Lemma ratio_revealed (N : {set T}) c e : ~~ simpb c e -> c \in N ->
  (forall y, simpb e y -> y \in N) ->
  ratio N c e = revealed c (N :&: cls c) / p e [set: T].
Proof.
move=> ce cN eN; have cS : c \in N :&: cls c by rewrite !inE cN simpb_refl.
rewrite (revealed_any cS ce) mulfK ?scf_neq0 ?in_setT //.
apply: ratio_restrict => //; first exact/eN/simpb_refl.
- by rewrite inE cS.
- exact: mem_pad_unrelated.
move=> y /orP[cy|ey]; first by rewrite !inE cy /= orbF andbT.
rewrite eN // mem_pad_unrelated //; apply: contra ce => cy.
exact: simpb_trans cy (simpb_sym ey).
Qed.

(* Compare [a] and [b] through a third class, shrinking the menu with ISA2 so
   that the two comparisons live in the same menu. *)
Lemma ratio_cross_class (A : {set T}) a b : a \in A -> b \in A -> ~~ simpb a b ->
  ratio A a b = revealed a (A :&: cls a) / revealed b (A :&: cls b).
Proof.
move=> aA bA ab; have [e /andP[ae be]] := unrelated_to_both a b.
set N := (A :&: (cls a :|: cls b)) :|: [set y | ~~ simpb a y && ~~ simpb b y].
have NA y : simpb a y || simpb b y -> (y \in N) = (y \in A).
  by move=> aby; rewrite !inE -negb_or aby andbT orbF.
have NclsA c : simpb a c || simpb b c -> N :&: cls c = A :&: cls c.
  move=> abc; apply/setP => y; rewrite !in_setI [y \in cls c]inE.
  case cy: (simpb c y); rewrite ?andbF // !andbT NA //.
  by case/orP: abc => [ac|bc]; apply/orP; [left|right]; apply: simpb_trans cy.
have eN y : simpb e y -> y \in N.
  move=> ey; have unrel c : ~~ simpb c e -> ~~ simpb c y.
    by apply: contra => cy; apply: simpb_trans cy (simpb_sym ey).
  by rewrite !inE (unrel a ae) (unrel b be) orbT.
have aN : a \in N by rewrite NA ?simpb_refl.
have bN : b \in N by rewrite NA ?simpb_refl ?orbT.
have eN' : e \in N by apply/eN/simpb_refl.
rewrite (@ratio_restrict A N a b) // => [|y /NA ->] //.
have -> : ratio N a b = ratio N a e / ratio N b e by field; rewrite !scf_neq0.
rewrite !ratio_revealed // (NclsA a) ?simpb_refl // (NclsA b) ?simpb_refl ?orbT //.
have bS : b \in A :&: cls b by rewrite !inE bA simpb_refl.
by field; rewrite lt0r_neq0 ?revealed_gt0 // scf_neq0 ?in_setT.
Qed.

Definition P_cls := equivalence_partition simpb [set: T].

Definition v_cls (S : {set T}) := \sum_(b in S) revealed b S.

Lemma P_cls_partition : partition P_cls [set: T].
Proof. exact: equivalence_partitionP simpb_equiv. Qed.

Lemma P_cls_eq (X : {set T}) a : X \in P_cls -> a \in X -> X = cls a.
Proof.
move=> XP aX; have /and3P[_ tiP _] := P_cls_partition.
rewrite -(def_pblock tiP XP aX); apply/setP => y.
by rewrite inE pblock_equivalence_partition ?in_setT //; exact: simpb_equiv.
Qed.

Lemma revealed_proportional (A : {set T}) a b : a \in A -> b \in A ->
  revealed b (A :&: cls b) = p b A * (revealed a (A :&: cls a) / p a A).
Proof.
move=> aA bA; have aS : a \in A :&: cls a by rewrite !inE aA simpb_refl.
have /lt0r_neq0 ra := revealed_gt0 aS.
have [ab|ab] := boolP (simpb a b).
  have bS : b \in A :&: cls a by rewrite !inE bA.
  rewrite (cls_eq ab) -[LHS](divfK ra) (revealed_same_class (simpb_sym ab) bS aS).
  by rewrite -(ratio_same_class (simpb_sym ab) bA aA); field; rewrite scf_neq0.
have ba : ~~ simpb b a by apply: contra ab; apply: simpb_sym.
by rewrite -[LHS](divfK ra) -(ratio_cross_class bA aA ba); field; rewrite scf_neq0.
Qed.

• **Task details**:
Copy out all the lines of the records that include "case".

• **Output for this exercise**:
  case cy: (simpb c y); rewrite ?andbF // !andbT NA //.
  by case/orP: abc => [ac|bc]; apply/orP; [left|right]; apply: simpb_trans cy.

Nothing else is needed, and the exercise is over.